WHAT TO DO: From the entries below, return exactly the lines beginning at the one that contains "have [allQ |" and ending at the one that contains "rewrite prodr_const -(cardsC", both of them included, and only those lines.

* * * *

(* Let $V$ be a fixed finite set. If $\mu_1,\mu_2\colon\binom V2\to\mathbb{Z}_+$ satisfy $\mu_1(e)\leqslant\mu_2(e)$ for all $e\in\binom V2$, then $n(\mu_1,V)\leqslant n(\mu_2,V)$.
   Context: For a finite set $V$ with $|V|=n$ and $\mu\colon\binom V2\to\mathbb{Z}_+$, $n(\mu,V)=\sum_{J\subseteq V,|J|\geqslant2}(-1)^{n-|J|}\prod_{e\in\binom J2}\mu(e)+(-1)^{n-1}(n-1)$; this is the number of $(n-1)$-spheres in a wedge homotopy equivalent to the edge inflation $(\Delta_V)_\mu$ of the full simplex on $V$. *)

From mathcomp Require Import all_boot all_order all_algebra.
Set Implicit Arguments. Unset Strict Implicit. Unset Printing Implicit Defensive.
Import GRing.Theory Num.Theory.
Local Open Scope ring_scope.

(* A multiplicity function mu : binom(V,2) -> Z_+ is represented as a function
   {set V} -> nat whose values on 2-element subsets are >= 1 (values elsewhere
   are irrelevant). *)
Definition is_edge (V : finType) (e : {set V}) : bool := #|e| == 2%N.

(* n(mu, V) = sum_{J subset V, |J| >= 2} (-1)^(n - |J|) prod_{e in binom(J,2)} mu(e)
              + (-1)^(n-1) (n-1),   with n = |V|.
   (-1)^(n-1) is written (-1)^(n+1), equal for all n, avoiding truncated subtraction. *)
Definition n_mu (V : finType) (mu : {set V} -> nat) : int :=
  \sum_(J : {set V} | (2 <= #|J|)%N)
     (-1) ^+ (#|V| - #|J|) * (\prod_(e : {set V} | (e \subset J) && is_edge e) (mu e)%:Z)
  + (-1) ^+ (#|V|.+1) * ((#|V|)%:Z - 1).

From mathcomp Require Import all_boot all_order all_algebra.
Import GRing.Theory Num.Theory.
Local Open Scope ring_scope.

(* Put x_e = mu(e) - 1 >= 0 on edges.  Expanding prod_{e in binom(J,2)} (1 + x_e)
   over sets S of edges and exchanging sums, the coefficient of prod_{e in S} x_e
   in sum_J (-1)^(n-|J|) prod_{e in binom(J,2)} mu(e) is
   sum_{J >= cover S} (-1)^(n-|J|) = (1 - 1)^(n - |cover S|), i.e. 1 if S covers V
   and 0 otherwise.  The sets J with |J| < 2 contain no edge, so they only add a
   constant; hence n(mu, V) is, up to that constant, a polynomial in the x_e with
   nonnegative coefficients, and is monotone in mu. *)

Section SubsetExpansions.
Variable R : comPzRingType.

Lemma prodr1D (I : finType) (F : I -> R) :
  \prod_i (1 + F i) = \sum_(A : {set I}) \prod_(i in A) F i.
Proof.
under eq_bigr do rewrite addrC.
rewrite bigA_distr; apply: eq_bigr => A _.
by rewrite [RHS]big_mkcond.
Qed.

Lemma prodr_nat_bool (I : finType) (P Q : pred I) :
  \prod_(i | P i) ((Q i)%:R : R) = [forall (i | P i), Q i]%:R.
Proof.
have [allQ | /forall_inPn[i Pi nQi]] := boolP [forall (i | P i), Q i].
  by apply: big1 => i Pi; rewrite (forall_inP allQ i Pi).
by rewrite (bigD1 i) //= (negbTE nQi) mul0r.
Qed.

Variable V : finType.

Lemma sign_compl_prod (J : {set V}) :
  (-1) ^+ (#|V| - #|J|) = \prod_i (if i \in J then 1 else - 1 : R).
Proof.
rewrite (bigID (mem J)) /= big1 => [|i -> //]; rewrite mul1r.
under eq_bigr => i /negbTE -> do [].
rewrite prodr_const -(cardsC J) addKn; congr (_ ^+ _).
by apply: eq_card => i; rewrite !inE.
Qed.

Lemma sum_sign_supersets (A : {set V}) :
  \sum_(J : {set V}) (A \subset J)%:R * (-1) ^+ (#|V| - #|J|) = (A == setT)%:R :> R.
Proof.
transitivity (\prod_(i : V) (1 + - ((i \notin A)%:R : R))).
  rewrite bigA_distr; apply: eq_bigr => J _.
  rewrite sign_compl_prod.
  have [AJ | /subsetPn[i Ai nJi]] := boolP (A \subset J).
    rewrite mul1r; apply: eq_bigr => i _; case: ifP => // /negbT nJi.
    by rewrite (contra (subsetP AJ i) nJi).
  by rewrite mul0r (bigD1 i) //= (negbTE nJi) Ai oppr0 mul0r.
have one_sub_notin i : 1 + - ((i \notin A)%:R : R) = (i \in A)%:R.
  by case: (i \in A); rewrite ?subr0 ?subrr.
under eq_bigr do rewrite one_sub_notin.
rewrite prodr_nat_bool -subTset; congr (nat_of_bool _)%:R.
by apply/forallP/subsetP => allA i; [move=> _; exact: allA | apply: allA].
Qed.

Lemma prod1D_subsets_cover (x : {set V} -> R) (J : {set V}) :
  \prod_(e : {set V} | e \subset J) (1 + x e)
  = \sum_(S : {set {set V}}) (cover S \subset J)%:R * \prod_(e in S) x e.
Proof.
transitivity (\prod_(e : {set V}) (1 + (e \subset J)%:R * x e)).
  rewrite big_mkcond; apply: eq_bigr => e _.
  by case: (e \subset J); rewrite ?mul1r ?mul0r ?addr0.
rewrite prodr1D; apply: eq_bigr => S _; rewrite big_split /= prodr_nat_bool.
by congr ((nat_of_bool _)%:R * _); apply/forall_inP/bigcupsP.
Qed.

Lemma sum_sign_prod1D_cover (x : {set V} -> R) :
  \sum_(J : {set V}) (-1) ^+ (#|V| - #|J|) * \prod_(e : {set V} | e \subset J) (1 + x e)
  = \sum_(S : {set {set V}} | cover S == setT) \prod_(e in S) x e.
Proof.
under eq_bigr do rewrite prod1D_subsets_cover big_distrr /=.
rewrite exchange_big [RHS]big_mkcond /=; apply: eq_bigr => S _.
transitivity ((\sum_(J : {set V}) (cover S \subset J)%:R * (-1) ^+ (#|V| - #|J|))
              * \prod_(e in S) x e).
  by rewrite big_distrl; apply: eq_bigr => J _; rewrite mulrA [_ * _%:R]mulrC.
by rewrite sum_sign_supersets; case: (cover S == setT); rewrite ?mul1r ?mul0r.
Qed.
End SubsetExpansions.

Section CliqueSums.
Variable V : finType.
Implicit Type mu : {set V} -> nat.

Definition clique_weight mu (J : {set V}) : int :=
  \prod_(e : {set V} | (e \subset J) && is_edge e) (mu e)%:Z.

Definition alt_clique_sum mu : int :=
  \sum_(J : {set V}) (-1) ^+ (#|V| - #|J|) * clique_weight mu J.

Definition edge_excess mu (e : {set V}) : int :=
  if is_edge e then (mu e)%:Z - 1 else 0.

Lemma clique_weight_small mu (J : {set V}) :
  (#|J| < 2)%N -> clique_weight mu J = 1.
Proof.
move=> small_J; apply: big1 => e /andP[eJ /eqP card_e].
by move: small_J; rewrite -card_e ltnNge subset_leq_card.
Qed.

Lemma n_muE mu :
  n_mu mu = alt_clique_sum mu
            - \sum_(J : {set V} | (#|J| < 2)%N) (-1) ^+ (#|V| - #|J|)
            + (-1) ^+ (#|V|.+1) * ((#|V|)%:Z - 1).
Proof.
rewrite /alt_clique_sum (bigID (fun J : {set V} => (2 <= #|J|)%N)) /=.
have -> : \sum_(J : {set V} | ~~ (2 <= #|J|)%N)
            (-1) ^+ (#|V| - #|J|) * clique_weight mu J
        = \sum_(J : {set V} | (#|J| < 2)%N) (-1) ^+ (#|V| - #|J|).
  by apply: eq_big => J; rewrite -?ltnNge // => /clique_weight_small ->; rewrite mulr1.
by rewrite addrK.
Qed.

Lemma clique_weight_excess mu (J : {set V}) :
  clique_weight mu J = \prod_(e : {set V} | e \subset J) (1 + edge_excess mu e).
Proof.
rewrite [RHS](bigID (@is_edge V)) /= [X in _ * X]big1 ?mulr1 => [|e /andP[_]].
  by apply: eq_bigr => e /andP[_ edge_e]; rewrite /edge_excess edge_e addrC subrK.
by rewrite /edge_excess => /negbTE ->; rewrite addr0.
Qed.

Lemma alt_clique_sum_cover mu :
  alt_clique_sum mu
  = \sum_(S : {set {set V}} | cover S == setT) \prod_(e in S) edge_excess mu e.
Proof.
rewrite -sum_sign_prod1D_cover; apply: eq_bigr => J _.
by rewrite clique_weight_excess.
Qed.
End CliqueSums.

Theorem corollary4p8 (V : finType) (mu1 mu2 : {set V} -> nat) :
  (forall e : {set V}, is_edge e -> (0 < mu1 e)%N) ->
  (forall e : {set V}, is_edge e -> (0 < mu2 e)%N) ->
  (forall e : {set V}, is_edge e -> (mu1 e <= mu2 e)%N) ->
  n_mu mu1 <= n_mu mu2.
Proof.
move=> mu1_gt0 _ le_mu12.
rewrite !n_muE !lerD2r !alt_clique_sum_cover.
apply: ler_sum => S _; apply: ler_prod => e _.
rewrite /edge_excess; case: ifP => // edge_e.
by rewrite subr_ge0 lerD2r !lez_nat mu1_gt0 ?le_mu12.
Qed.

* * * *

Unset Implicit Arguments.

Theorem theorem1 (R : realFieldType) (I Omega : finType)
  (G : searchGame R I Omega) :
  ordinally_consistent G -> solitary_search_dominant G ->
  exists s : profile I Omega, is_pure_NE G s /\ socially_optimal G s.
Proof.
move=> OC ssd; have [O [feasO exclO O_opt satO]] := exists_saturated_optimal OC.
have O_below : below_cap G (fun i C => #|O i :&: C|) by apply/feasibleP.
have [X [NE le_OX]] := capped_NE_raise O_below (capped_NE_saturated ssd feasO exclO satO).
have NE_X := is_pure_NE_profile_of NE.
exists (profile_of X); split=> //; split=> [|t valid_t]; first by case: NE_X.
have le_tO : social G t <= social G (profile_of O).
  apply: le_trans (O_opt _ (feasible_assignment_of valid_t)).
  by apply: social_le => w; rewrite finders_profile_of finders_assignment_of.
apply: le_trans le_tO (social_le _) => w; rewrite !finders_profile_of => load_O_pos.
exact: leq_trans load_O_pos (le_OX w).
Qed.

* * * *

YOUR SOLUTION:
have [allQ | /forall_inPn[i Pi nQi]] := boolP [forall (i | P i), Q i].
  by apply: big1 => i Pi; rewrite (forall_inP allQ i Pi).
by rewrite (bigD1 i) //= (negbTE nQi) mul0r.
Qed.

Variable V : finType.

Lemma sign_compl_prod (J : {set V}) :
  (-1) ^+ (#|V| - #|J|) = \prod_i (if i \in J then 1 else - 1 : R).
Proof.
rewrite (bigID (mem J)) /= big1 => [|i -> //]; rewrite mul1r.
under eq_bigr => i /negbTE -> do [].
rewrite prodr_const -(cardsC J) addKn; congr (_ ^+ _).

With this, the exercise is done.